** WHAT THE TASK ASKS **
Transcribe exactly the lines that fall between the one holding "[ffun i => if" and the one holding "by apply/ffunP =>", inclusive, from the entries below.
==== TASK INPUTS ====
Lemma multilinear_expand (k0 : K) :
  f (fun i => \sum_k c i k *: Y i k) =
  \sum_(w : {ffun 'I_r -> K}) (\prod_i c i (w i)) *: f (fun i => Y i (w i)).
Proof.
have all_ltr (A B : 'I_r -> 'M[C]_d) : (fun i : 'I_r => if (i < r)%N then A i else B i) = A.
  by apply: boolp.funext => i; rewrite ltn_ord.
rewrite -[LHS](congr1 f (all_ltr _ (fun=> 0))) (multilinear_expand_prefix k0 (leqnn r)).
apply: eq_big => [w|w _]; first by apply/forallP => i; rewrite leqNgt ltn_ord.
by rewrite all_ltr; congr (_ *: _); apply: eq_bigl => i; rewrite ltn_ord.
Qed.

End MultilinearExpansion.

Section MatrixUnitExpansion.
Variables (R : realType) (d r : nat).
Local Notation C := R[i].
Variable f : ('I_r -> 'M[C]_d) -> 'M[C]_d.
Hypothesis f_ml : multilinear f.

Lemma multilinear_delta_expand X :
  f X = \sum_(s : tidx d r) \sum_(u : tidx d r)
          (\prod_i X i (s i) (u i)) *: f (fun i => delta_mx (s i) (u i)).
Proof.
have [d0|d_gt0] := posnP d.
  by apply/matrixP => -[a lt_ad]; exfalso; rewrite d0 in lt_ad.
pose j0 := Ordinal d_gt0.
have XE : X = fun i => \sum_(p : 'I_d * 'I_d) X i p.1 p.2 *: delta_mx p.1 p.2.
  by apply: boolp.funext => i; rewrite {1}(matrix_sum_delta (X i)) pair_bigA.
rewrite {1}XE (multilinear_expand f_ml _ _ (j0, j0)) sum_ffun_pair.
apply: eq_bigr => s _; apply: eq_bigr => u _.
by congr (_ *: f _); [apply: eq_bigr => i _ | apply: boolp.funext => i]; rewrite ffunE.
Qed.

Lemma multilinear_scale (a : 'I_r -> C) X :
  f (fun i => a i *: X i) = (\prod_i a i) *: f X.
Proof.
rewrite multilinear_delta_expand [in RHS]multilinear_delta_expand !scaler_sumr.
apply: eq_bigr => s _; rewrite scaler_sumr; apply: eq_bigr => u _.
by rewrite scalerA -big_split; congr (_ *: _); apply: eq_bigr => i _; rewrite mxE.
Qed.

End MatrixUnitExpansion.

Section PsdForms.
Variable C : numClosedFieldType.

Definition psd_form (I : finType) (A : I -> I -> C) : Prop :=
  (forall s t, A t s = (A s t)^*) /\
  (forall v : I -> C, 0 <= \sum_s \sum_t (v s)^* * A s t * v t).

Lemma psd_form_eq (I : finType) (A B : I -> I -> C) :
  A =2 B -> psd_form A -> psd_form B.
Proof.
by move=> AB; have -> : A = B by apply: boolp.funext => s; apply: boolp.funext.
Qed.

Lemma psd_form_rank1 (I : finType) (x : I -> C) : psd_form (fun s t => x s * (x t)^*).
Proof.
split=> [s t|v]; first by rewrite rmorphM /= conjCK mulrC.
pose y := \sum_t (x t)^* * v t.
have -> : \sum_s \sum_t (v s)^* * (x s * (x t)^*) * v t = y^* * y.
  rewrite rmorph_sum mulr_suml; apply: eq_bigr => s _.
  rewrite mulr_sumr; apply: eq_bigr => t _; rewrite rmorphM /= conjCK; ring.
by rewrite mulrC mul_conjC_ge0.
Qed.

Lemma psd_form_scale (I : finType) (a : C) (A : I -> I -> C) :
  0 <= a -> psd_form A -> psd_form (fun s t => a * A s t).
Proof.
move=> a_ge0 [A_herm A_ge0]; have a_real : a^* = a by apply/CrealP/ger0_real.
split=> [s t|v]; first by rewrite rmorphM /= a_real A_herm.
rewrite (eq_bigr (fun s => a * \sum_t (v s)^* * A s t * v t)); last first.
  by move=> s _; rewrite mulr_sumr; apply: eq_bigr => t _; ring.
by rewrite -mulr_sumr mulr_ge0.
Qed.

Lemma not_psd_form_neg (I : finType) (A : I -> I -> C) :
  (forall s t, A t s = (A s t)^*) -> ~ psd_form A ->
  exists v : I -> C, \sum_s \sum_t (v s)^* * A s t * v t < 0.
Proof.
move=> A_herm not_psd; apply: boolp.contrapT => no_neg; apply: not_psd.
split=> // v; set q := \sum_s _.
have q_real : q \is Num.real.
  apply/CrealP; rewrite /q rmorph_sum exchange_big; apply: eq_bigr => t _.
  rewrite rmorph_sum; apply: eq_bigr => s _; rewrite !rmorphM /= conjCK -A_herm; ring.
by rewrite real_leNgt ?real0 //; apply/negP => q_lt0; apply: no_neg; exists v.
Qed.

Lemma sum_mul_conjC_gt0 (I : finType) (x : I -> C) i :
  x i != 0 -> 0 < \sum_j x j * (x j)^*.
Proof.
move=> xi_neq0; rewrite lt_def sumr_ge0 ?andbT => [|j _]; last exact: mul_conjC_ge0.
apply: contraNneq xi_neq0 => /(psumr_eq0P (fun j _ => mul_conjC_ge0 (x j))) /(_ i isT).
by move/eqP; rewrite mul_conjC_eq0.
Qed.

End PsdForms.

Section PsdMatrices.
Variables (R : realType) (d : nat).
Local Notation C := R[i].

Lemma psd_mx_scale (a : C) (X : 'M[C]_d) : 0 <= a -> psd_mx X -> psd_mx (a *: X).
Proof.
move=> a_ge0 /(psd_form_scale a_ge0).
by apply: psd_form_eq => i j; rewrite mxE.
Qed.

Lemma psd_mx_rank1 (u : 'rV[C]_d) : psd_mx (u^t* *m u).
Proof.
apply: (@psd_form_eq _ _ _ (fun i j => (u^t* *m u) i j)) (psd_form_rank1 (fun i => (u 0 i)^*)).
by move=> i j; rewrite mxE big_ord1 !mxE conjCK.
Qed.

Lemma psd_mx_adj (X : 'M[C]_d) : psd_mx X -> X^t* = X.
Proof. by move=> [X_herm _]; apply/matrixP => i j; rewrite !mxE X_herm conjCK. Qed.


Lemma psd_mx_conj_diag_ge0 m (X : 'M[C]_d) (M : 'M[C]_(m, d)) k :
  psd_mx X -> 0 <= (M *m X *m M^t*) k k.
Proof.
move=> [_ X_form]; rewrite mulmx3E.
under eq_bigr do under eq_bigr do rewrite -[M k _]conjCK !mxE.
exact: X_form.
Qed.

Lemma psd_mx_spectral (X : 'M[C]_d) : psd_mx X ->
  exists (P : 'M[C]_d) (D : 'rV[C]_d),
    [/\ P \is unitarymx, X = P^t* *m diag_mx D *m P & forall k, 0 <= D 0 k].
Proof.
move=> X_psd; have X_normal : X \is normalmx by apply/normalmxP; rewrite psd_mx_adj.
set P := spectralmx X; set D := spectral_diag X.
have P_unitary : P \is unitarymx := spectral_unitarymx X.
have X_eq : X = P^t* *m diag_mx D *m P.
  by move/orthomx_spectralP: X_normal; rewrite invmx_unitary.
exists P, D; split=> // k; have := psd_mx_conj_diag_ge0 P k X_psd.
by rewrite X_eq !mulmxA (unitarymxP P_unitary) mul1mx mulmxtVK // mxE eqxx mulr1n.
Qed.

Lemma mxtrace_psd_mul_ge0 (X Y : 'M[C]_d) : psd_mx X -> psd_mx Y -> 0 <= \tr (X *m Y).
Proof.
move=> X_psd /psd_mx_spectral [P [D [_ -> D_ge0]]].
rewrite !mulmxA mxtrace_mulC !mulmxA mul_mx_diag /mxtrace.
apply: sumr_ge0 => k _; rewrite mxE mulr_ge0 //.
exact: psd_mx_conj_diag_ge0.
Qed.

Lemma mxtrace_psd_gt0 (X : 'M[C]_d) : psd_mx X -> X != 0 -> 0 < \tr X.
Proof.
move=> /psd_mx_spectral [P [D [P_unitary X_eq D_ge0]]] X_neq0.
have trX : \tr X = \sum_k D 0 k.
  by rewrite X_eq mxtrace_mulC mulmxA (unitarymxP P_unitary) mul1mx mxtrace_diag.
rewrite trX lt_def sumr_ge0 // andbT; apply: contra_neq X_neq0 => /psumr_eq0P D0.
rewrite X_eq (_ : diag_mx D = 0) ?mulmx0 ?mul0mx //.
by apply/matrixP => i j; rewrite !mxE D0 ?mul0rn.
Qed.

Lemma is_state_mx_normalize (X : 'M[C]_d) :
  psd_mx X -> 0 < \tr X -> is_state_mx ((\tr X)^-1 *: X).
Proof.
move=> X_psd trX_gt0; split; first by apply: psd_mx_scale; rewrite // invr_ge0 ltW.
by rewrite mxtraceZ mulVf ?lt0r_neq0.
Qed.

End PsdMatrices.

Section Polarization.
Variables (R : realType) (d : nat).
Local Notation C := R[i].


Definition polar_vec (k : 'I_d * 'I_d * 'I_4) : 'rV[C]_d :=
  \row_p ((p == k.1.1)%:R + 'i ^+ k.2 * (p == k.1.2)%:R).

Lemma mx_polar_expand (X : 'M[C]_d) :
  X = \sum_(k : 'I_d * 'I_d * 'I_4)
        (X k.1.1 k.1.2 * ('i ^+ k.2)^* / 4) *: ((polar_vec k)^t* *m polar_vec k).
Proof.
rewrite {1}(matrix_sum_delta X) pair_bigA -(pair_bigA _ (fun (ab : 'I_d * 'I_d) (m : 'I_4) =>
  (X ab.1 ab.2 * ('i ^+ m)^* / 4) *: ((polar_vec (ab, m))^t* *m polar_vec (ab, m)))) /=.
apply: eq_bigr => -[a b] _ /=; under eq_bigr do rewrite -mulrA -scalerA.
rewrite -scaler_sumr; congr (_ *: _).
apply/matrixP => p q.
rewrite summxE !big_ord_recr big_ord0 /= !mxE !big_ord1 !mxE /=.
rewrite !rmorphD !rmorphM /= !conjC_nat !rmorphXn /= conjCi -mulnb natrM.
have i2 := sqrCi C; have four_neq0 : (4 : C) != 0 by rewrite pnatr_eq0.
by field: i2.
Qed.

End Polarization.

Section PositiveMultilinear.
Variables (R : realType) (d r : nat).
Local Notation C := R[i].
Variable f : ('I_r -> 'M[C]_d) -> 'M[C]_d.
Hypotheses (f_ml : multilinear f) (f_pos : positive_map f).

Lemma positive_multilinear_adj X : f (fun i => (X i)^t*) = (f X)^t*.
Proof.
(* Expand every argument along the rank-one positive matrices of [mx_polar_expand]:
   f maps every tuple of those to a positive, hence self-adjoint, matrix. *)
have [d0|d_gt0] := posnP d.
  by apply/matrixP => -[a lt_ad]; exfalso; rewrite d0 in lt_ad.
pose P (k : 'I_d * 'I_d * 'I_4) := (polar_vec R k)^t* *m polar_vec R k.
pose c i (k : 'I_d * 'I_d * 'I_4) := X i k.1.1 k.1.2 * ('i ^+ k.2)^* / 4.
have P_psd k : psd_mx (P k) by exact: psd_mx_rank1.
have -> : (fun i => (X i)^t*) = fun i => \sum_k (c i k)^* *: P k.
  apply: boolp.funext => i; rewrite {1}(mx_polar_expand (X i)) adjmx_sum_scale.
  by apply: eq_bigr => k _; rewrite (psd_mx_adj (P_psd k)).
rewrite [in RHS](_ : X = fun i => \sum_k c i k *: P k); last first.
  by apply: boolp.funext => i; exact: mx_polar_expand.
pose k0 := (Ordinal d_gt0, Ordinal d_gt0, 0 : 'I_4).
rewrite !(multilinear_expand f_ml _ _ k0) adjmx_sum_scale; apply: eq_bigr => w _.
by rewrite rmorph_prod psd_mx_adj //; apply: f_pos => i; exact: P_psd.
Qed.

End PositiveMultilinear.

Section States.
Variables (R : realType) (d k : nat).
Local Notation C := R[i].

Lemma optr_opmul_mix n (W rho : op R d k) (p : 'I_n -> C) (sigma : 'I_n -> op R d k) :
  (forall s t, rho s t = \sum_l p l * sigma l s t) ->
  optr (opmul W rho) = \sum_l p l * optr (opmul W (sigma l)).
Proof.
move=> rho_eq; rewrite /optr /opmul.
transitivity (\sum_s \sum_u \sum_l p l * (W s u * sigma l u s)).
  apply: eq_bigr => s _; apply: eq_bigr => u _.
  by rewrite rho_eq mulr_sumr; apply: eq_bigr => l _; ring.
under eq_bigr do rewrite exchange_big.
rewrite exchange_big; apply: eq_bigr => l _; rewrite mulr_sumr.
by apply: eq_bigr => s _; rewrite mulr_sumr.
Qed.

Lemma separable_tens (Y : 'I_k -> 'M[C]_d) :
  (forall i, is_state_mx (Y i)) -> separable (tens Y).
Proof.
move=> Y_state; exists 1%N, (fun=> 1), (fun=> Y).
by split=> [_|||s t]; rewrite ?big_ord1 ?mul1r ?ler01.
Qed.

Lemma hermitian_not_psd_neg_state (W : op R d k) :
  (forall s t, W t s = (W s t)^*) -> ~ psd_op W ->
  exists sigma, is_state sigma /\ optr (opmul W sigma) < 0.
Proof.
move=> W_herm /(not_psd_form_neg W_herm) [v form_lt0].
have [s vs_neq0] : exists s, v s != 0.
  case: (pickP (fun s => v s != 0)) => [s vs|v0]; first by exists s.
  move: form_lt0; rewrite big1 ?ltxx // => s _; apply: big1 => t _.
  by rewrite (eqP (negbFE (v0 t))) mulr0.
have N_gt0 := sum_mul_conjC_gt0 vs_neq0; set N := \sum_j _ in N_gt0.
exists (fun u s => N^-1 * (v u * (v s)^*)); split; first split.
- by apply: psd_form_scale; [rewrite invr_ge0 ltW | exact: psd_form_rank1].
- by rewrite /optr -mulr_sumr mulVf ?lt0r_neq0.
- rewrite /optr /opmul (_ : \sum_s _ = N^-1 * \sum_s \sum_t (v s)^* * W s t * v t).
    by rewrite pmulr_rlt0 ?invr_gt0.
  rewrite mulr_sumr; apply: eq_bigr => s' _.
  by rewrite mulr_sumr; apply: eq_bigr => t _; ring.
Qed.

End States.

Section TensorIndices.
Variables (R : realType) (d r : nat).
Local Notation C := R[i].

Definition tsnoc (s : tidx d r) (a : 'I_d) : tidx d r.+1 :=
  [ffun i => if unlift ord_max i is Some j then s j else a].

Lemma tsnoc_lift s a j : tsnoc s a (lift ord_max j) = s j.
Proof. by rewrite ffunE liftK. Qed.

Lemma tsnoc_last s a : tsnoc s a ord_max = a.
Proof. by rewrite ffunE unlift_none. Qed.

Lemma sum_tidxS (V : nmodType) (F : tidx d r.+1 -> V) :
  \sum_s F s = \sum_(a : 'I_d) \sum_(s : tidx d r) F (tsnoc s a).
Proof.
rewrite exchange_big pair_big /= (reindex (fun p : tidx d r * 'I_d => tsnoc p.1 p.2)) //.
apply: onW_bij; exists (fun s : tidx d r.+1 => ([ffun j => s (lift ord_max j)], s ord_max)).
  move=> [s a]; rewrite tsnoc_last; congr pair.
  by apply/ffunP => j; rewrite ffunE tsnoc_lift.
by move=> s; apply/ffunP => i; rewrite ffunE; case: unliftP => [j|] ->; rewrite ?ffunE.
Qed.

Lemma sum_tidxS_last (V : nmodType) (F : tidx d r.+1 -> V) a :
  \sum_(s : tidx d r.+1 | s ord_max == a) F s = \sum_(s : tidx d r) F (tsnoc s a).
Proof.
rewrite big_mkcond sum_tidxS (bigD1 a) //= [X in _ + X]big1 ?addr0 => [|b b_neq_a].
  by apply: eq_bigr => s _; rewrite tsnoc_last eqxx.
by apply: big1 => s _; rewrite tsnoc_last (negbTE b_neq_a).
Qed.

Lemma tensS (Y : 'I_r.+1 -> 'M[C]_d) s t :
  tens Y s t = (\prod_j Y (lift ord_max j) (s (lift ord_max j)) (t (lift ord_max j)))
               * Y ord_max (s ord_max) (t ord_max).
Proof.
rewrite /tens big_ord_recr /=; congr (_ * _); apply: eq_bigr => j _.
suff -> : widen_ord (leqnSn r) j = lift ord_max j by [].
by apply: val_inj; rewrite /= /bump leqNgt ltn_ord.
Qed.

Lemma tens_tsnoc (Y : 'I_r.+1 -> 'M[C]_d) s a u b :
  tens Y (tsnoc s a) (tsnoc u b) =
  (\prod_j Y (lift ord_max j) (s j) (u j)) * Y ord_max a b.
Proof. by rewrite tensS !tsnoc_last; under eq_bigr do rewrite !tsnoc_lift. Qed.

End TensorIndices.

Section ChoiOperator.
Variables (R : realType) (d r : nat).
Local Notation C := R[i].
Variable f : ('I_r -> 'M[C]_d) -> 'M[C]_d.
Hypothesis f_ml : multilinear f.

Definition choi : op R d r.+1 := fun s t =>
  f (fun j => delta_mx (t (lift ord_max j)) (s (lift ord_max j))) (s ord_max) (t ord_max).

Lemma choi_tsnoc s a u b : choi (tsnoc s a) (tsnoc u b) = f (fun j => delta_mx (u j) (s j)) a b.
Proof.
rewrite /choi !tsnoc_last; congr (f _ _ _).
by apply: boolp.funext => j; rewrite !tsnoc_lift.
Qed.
====
** RESPONSE TO THIS EXERCISE **
  [ffun i => if unlift ord_max i is Some j then s j else a].

Lemma tsnoc_lift s a j : tsnoc s a (lift ord_max j) = s j.
Proof. by rewrite ffunE liftK. Qed.

Lemma tsnoc_last s a : tsnoc s a ord_max = a.
Proof. by rewrite ffunE unlift_none. Qed.

Lemma sum_tidxS (V : nmodType) (F : tidx d r.+1 -> V) :
  \sum_s F s = \sum_(a : 'I_d) \sum_(s : tidx d r) F (tsnoc s a).
Proof.
rewrite exchange_big pair_big /= (reindex (fun p : tidx d r * 'I_d => tsnoc p.1 p.2)) //.
apply: onW_bij; exists (fun s : tidx d r.+1 => ([ffun j => s (lift ord_max j)], s ord_max)).
  move=> [s a]; rewrite tsnoc_last; congr pair.
  by apply/ffunP => j; rewrite ffunE tsnoc_lift.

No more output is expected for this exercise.